The purpose of the section is to excuse company officers from liability in situations where it would be unjust and oppressive not to do so, recognising that such officers are business men and women who act in an environment involving risk in commercial decision making.
In reliance upon this authority he submitted that the director's duty is not limited by the state of the director's knowledge, experience, ignorance or inaction.
166 Mr Thomson submitted that it would be an erroneous application of s1318 to relieve a director who was utterly ignorant of and completely indifferent to the Company's financial affairs. It is suggested such epithets accurately describe Mr Brown.
167 Mr Thomson submits that the matters which would count strongly against granting the relief to Mr Brown include the following:
(a) Mr Brown has not been able to make out a defence pursuant to s588H.
(b) Mr Brown's complete disregard of his obligations as a director to acquaint himself with the Company's affairs in relation to its financial management.
(c) The fact that Mr Brown's failures as referred to in (b) allowed the Company's business to be ruined by fraud and mismanagement on the part of those he left entrusted and, it is submitted wholly unchecked, to carry out the functions.
(d) Mr Brown's failure to intelligently enquire or ascertain the facts when there were the clearest grounds to do so. On this topic Mr Thomson referred to the question of cash receipts and Mr Brown's failure to follow his suspicions through, his failure to address the Company's need for additional working capital which it is submitted he recognised in late 1994 and his failure to clarify the position of the building project at Douglas Park when he was aware that subcontractors were being dragged away from other projects.

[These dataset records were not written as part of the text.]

(* Let $\mathcal{X}_0=\{\mathbf{x}^{(0)}_1,\dots,\mathbf{x}^{(0)}_{n_0}\}$ and $\mathcal{X}_1=\{\mathbf{x}^{(1)}_1,\dots,\mathbf{x}^{(1)}_{n_1}\}$ be finite sets of points in $\mathbb{R}^d$, let $\mathcal{P}_0,\mathcal{P}_1$ be the uniform (empirical) distributions on them, and let $\mathbf{X}_0\sim\mathcal{P}_0$, $\mathbf{X}_1\sim\mathcal{P}_1$. Let $f:\mathbb{R}^d\times\{0,1\}\to[0,1]$, and let $\mathcal{P}_{f_0},\mathcal{P}_{f_1}$ be the empirical distributions on $f(\mathcal{X}_0)=\{f(\mathbf{x},0):\mathbf{x}\in\mathcal{X}_0\}$ and $f(\mathcal{X}_1)=\{f(\mathbf{x},1):\mathbf{x}\in\mathcal{X}_1\}$, i.e. the distributions of $f(\mathbf{X}_0,0)$ and $f(\mathbf{X}_1,1)$. Assume the supports of $\mathcal{P}_{f_0}$ and $\mathcal{P}_{f_1}$ share $m\ (\le n_0,n_1)$ common points. Then for any $\delta\ge0$, if $\Delta\mathrm{TVDP}(f)\le\delta$, there exists a joint distribution $\mathbb{Q}$ of $(\mathbf{X}_0,\mathbf{X}_1)$ with marginals $\mathcal{P}_0$ and $\mathcal{P}_1$ such that $\Delta\mathrm{MDP}(f,\mathbb{Q})\le\delta$.
   Context: $\Delta\mathrm{TVDP}(f):=\mathrm{TV}(\mathcal{P}_{f_0},\mathcal{P}_{f_1})$, where for discrete distributions $\mathrm{TV}(\mathcal{Q}_1,\mathcal{Q}_2)=\sup_B|\mathcal{Q}_1(B)-\mathcal{Q}_2(B)|=\tfrac12\sum_z|\mathcal{Q}_1(z)-\mathcal{Q}_2(z)|$. For a joint distribution $\mathbb{Q}$ of $(\mathbf{X}_0,\mathbf{X}_1)$ with marginals $\mathcal{P}_0,\mathcal{P}_1$ (a stochastic transport map), $\Delta\mathrm{MDP}(f,\mathbb{Q}):=\mathbb{E}_{(\mathbf{X}_0,\mathbf{X}_1)\sim\mathbb{Q}}|f(\mathbf{X}_0,0)-f(\mathbf{X}_1,1)|$. *)

From mathcomp Require Import all_boot all_order all_algebra.
From mathcomp Require Import reals.
Set Implicit Arguments. Unset Strict Implicit. Unset Printing Implicit Defensive.
Import Order.TTheory GRing.Theory Num.Theory.
Local Open Scope ring_scope.

Section Defs.
Variable R : realType.

Definition emp_mass (n : nat) (v : 'I_n -> R) (z : R) : R :=
  #|[set i | v i == z]|%:R / n%:R.

Definition emp_support (n : nat) (v : 'I_n -> R) : seq R :=
  undup [seq v i | i <- enum 'I_n].

Definition TV_emp (n0 n1 : nat) (v0 : 'I_n0 -> R) (v1 : 'I_n1 -> R) : R :=
  2^-1 * \sum_(z <- undup (emp_support v0 ++ emp_support v1))
           `|emp_mass v0 z - emp_mass v1 z|.

Definition DeltaTVDP (d n0 n1 : nat) (f : 'rV[R]_d -> bool -> R)
    (x0 : 'I_n0 -> 'rV[R]_d) (x1 : 'I_n1 -> 'rV[R]_d) : R :=
  TV_emp (fun i => f (x0 i) false) (fun j => f (x1 j) true).

(* A joint distribution (coupling) of X_0 ~ Unif(X_0) and X_1 ~ Unif(X_1):
   since the points are distinct, it is a nonnegative mass function on pairs of
   indices whose marginals are uniform. *)
Definition is_coupling (n0 n1 : nat) (Q : 'I_n0 -> 'I_n1 -> R) : Prop :=
  (forall i j, 0 <= Q i j) /\
  (forall i, \sum_(j < n1) Q i j = n0%:R^-1) /\
  (forall j, \sum_(i < n0) Q i j = n1%:R^-1).

Definition DeltaMDP (d n0 n1 : nat) (f : 'rV[R]_d -> bool -> R)
    (x0 : 'I_n0 -> 'rV[R]_d) (x1 : 'I_n1 -> 'rV[R]_d)
    (Q : 'I_n0 -> 'I_n1 -> R) : R :=
  \sum_(i < n0) \sum_(j < n1) Q i j * `|f (x0 i) false - f (x1 j) true|.

End Defs.

From mathcomp Require Import all_boot all_order all_algebra.
From mathcomp Require Import reals.
From mathcomp Require Import ring lra.
Import Order.TTheory GRing.Theory Num.Theory.
Local Open Scope ring_scope.

(* Maximal coupling: the common mass min(P z, Q z) of each value z is put on
   the pairs of indices whose values both equal z, spread uniformly, and the
   leftover masses, each of total TV(P, Q), are coupled independently.  Pairs
   with equal values cost nothing and all others cost at most 1, so the
   expected distance is at most TV(P, Q). *)

Set Implicit Arguments.
Unset Strict Implicit.
Unset Printing Implicit Defensive.

Section Fibers.
Variables (I : finType) (T : eqType).

Definition fiber_size (w : I -> T) (z : T) : nat := #|[set i | w i == z]|.

Lemma sum_by_fibers (V : nmodType) (w : I -> T) (s : seq T) (F : I -> V) :
  uniq s -> (forall i, w i \in s) ->
  \sum_i F i = \sum_(z <- s) \sum_(i | w i == z) F i.
Proof.
move=> s_uniq w_s; rewrite (exchange_big_dep predT) //=; apply: eq_bigr => i _.
rewrite -big_filter (eq_filter (a2 := pred1 (w i))) => [|z]; last first.
  by rewrite /= eq_sym.
by rewrite filter_pred1_uniq ?big_seq1.
Qed.

Lemma sum_fiber_const (V : nmodType) (w : I -> T) z (c : V) :
  \sum_(i | w i == z) c = c *+ fiber_size w z.
Proof. by rewrite -sumr_const; apply: eq_bigl => i; rewrite inE. Qed.

Lemma fiber_size_gt0 (w : I -> T) i : (0 < fiber_size w (w i))%N.
Proof. by apply/card_gt0P; exists i; rewrite inE. Qed.

Lemma sum_fiber_average (R : numFieldType) (w : I -> T) (s : seq T)
    (g : T -> R) :
  uniq s -> (forall i, w i \in s) ->
  (forall z, fiber_size w z = 0%N -> g z = 0) ->
  \sum_i g (w i) / (fiber_size w (w i))%:R = \sum_(z <- s) g z.
Proof.
move=> s_uniq w_s g0; rewrite (sum_by_fibers _ s_uniq w_s).
apply: eq_bigr => z _.
transitivity (\sum_(i | w i == z) g z / (fiber_size w z)%:R).
  by apply: eq_bigr => i /eqP->.
rewrite sum_fiber_const -[_ *+ _]mulr_natr.
have [/g0 ->|nz] := eqVneq (fiber_size w z) 0%N; first by rewrite !mul0r.
by rewrite divfK ?pnatr_eq0.
Qed.

End Fibers.

Lemma psumr_mulfK (R : numFieldType) (I : finType) (u : I -> R) i :
  (forall j, 0 <= u j) -> u i * (\sum_j u j) / (\sum_j u j) = u i.
Proof.
move=> u_ge0; have [sum0|nz] := eqVneq (\sum_j u j) 0; last by rewrite mulfK.
by rewrite (psumr_eq0P _ sum0) ?mul0r.
Qed.

Section Empirical.
Variable R : realType.
Implicit Types n : nat.

Lemma emp_mass_ge0 n (v : 'I_n -> R) z : 0 <= emp_mass v z.
Proof. by rewrite divr_ge0 ?ler0n. Qed.

Lemma emp_mass_fiber0 n (v : 'I_n -> R) z :
  fiber_size v z = 0%N -> emp_mass v z = 0.
Proof. by rewrite /emp_mass -/(fiber_size v z) => ->; rewrite mul0r. Qed.

Lemma emp_mass_fiber n (v : 'I_n -> R) i :
  emp_mass v (v i) / (fiber_size v (v i))%:R = n%:R^-1.
Proof.
by rewrite /emp_mass -/(fiber_size v _) mulrAC divff ?mul1r // pnatr_eq0
  -lt0n fiber_size_gt0.
Qed.

Lemma mem_emp_support n (v : 'I_n -> R) i : v i \in emp_support v.
Proof. by rewrite mem_undup map_f ?mem_enum. Qed.

Lemma sum_emp_mass n (v : 'I_n -> R) (s : seq R) :
  (0 < n)%N -> uniq s -> (forall i, v i \in s) ->
  \sum_(z <- s) emp_mass v z = 1.
Proof.
move=> n_gt0 s_uniq v_s; rewrite -(sum_fiber_average s_uniq v_s)
  => [|z]; last exact: emp_mass_fiber0.
under eq_bigr do rewrite emp_mass_fiber.
by rewrite sumr_const card_ord -[_ *+ n]mulr_natr mulVf ?pnatr_eq0 -?lt0n.
Qed.

Definition emp_overlap n0 n1 (a : 'I_n0 -> R) (b : 'I_n1 -> R) (z : R) : R :=
  Num.min (emp_mass a z) (emp_mass b z).

Definition emp_residual n0 n1 (a : 'I_n0 -> R) (b : 'I_n1 -> R) (i : 'I_n0) :=
  (emp_mass a (a i) - emp_overlap a b (a i)) / (fiber_size a (a i))%:R.

(* If TV_emp a b = 0 then every residual vanishes, so the division by zero in
   the second summand is harmless. *)
Definition maximal_coupling n0 n1 (a : 'I_n0 -> R) (b : 'I_n1 -> R)
    (i : 'I_n0) (j : 'I_n1) : R :=
  (a i == b j)%:R * emp_overlap a b (a i)
    / ((fiber_size a (a i))%:R * (fiber_size b (b j))%:R)
  + emp_residual a b i * emp_residual b a j / TV_emp a b.

Section Coupling.
Variables (n0 n1 : nat) (a : 'I_n0 -> R) (b : 'I_n1 -> R).

Let S := undup (emp_support a ++ emp_support b).

Lemma emp_overlapC z : emp_overlap b a z = emp_overlap a b z.
Proof. exact: minC. Qed.

Lemma emp_overlap_ge0 z : 0 <= emp_overlap a b z.
Proof. by rewrite le_min !emp_mass_ge0. Qed.

Lemma emp_overlap_fiber0 z : fiber_size a z = 0%N -> emp_overlap a b z = 0.
Proof.
move=> /emp_mass_fiber0 mass0.
by rewrite /emp_overlap mass0 min_l ?emp_mass_ge0.
Qed.

Lemma emp_residual_ge0 i : 0 <= emp_residual a b i.
Proof. by rewrite divr_ge0 ?ler0n // subr_ge0 ge_min lexx. Qed.

Lemma TV_emp_ge0 : 0 <= TV_emp a b.
Proof. by rewrite mulr_ge0 ?invr_ge0 ?ler0n ?sumr_ge0. Qed.

Lemma TV_empC : TV_emp b a = TV_emp a b.
Proof.
rewrite /TV_emp (perm_big S); last first.
  by apply: perm_undup => z; rewrite !mem_cat orbC.
by under eq_bigr do rewrite distrC.
Qed.

Hypotheses (n0_gt0 : (0 < n0)%N) (n1_gt0 : (0 < n1)%N).

Lemma TV_emp_overlap : TV_emp a b = 1 - \sum_(z <- S) emp_overlap a b z.
Proof.
have a_S i : a i \in S by rewrite mem_undup mem_cat mem_emp_support.
have b_S j : b j \in S by rewrite mem_undup mem_cat mem_emp_support orbT.
have massa := sum_emp_mass n0_gt0 (undup_uniq _) a_S.
have massb := sum_emp_mass n1_gt0 (undup_uniq _) b_S.
have dist z : `|emp_mass a z - emp_mass b z|
    = emp_mass a z + emp_mass b z - 2 * emp_overlap a b z.
  by rewrite /emp_overlap minr_absE; field.
rewrite /TV_emp -/S; under eq_bigr do rewrite dist.
rewrite !big_split /= sumrN -mulr_sumr massa massb; lra.
Qed.

Lemma sum_emp_residual : \sum_i emp_residual a b i = TV_emp a b.
Proof.
have a_S i : a i \in S by rewrite mem_undup mem_cat mem_emp_support.
transitivity (\sum_(z <- S) (emp_mass a z - emp_overlap a b z)).
  apply: (sum_fiber_average (undup_uniq _) a_S) => z a0.
  by rewrite emp_overlap_fiber0 // emp_mass_fiber0 // subr0.
by rewrite sumrB (sum_emp_mass n0_gt0 (undup_uniq _) a_S) TV_emp_overlap.
Qed.

Lemma emp_residual_TVK i :
  emp_residual a b i * TV_emp a b / TV_emp a b = emp_residual a b i.
Proof. by rewrite -sum_emp_residual; apply/psumr_mulfK/emp_residual_ge0. Qed.

End Coupling.

Section MaximalCoupling.
Variables (n0 n1 : nat) (a : 'I_n0 -> R) (b : 'I_n1 -> R).

Lemma maximal_couplingC i j :
  maximal_coupling b a j i = maximal_coupling a b i j.
Proof.
rewrite /maximal_coupling TV_empC eq_sym [emp_residual b a j * _]mulrC.
rewrite [(fiber_size b _)%:R * _]mulrC.
by case: eqP => [->|_]; rewrite ?(emp_overlapC a b) ?mul0r.
Qed.

Lemma maximal_coupling_ge0 i j : 0 <= maximal_coupling a b i j.
Proof.
apply: addr_ge0; apply: mulr_ge0.
- exact/mulr_ge0/emp_overlap_ge0/ler0n.
- by rewrite invr_ge0 mulr_ge0 ?ler0n.
- exact/mulr_ge0/emp_residual_ge0/emp_residual_ge0.
- by rewrite invr_ge0 TV_emp_ge0.
Qed.

Lemma sum_matched_mass i :
  \sum_j (a i == b j)%:R * emp_overlap a b (a i)
        / ((fiber_size a (a i))%:R * (fiber_size b (b j))%:R)
  = emp_overlap a b (a i) / (fiber_size a (a i))%:R.
Proof.
transitivity (\sum_(j | b j == a i) emp_overlap a b (a i)
                / ((fiber_size a (a i))%:R * (fiber_size b (a i))%:R)).
  rewrite [RHS]big_mkcond /=; apply: eq_bigr => j _.
  by rewrite eq_sym; case: eqP => [->|_]; rewrite ?mul1r ?mul0r.
rewrite sum_fiber_const.
have [b0|nz] := eqVneq (fiber_size b (a i)) 0%N.
  by rewrite b0 mulr0n -(emp_overlapC a b) emp_overlap_fiber0 ?mul0r.
have := fiber_size_gt0 a i; rewrite lt0n => nza.
rewrite -[_ *+ _]mulr_natr; field.
by rewrite !pnatr_eq0 nz nza.
Qed.

Hypotheses (n0_gt0 : (0 < n0)%N) (n1_gt0 : (0 < n1)%N).

Lemma sum_maximal_coupling_row i : \sum_j maximal_coupling a b i j = n0%:R^-1.
Proof.
rewrite big_split /= sum_matched_mass -mulr_suml -mulr_sumr.
rewrite sum_emp_residual // TV_empC emp_residual_TVK // -(emp_mass_fiber a i).
by rewrite /emp_residual -mulrDl addrC subrK.
Qed.

Lemma maximal_coupling_cost :
  (forall i j, `|a i - b j| <= 1) ->
  \sum_i \sum_j maximal_coupling a b i j * `|a i - b j| <= TV_emp a b.
Proof.
move=> dist_le1.
apply: (@le_trans _ _ (\sum_i \sum_j
  emp_residual a b i * emp_residual b a j / TV_emp a b)).
  apply: ler_sum => i _; apply: ler_sum => j _.
  have res_ge0 : 0 <= emp_residual a b i * emp_residual b a j / TV_emp a b.
    by apply: mulr_ge0; [apply: mulr_ge0|rewrite invr_ge0];
      rewrite ?emp_residual_ge0 ?TV_emp_ge0.
  rewrite /maximal_coupling mulrDl; case: eqP => [->|_].
    by rewrite subrr normr0 !mulr0 add0r.
  by rewrite !mul0r add0r ler_piMr.
under eq_bigr do rewrite -mulr_suml -mulr_sumr sum_emp_residual // TV_empC
  emp_residual_TVK //.
by rewrite sum_emp_residual.
Qed.

End MaximalCoupling.

Lemma is_coupling_maximal_coupling n0 n1 (a : 'I_n0 -> R) (b : 'I_n1 -> R) :
  (0 < n0)%N -> (0 < n1)%N -> is_coupling (maximal_coupling a b).
Proof.
move=> n0_gt0 n1_gt0; split; [exact: maximal_coupling_ge0|split].
- exact: sum_maximal_coupling_row.
- move=> j; under eq_bigr do rewrite -maximal_couplingC.
  exact: sum_maximal_coupling_row.
Qed.

End Empirical.

Theorem mainTheorem3 (R : realType) (d n0 n1 : nat)
    (x0 : 'I_n0 -> 'rV[R]_d) (x1 : 'I_n1 -> 'rV[R]_d)
    (hn0 : (0 < n0)%N) (hn1 : (0 < n1)%N)
    (hx0 : injective x0) (hx1 : injective x1)
    (f : 'rV[R]_d -> bool -> R)
    (hf : forall x b, 0 <= f x b <= 1)
    (m : nat)
    (hm : size [seq z <- emp_support (fun i => f (x0 i) false)
                 | z \in emp_support (fun j => f (x1 j) true)] = m)
    (delta : R) (hdelta : 0 <= delta)
    (hTV : DeltaTVDP f x0 x1 <= delta) :
  exists Q : 'I_n0 -> 'I_n1 -> R,
    is_coupling Q /\ DeltaMDP f x0 x1 Q <= delta.
Proof.
(* Injectivity, m and 0 <= delta play no role: indices stand for the points. *)
pose a i := f (x0 i) false; pose b j := f (x1 j) true.
have dist_le1 i j : `|a i - b j| <= 1.
  have /andP[? ?] := hf (x0 i) false; have /andP[? ?] := hf (x1 j) true.
  by rewrite /a /b ler_norml; apply/andP; split; lra.
exists (maximal_coupling a b); split; first exact: is_coupling_maximal_coupling.
exact: le_trans (maximal_coupling_cost hn0 hn1 dist_le1) hTV.
Qed.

(e) Mr Brown had available to him all the armoury of legal powers necessary to ensure that the loss suffered by the Company was not so suffered. Mr Thomson emphasised the lack of such armoury in the unsecured creditors and points to the fact that Mr Brown had ready access to those who could have assisted him including Mr Brangwin or alternatively Mr Brown's son who had some accountancy training. He failed to seek such assistance.
168 The fact that Mr Brown has not been able to make out a defence under s588H does not of itself have much bearing on the exercise of my discretion. If Mr Brown had been able to make out his defence I would not have to consider exercising my discretion under s1318. It is more the circumstances of the breach of duty to which there is no successful defence to which I must have regard.
169 I do not agree that the epithets utterly ignorant and completely indifferent are accurate descriptions of the way in which Mr Brown approached the Company's financial situation. There were matters of which he was not ignorant and certainly there were matters to which he was not indifferent. His annual attendance upon Mr Brangwin and the receipt of explanations about the company's financial position at that time which he regarded as adequate is support for that view. Additionally he gave evidence that his son explained some aspects of the financial statements to him. This is not the measure of a man who is utterly ignorant or completely indifferent.
170 Although I have found that it was reasonable for Mr Brown to rely on others in respect of the financial management of the company it does not follow that it was reasonable for him not to make some enquiry in respect of the financial affairs of the Company particularly during 1994.
171 Without reiterating the matters of which he was aware in late 1994 and accepting the version of the conversation with Mrs Kenna on 22 March 1995 that he gave in evidence before me, I am of the view that the enquiry he did make was very cursory indeed. This is so particularly having regard to the fact that he was also aware that he had effectively been kept in the dark about those extra projects being taken on by the Company.
172 It is clear that he was extremely busy but this should not have prevented him from speaking to Mr Kenna or Mr Brangwin (even on the telephone) about the effect of the extra projects and/or the deposits of cash. He could have informed Mr Brangwin that the Company was in the habit of receiving cash payments in the course of its business. Alternatively he could have raised the matters with his son and asked him to assist him in an approach to Mr Kenna or Mr Brangwin.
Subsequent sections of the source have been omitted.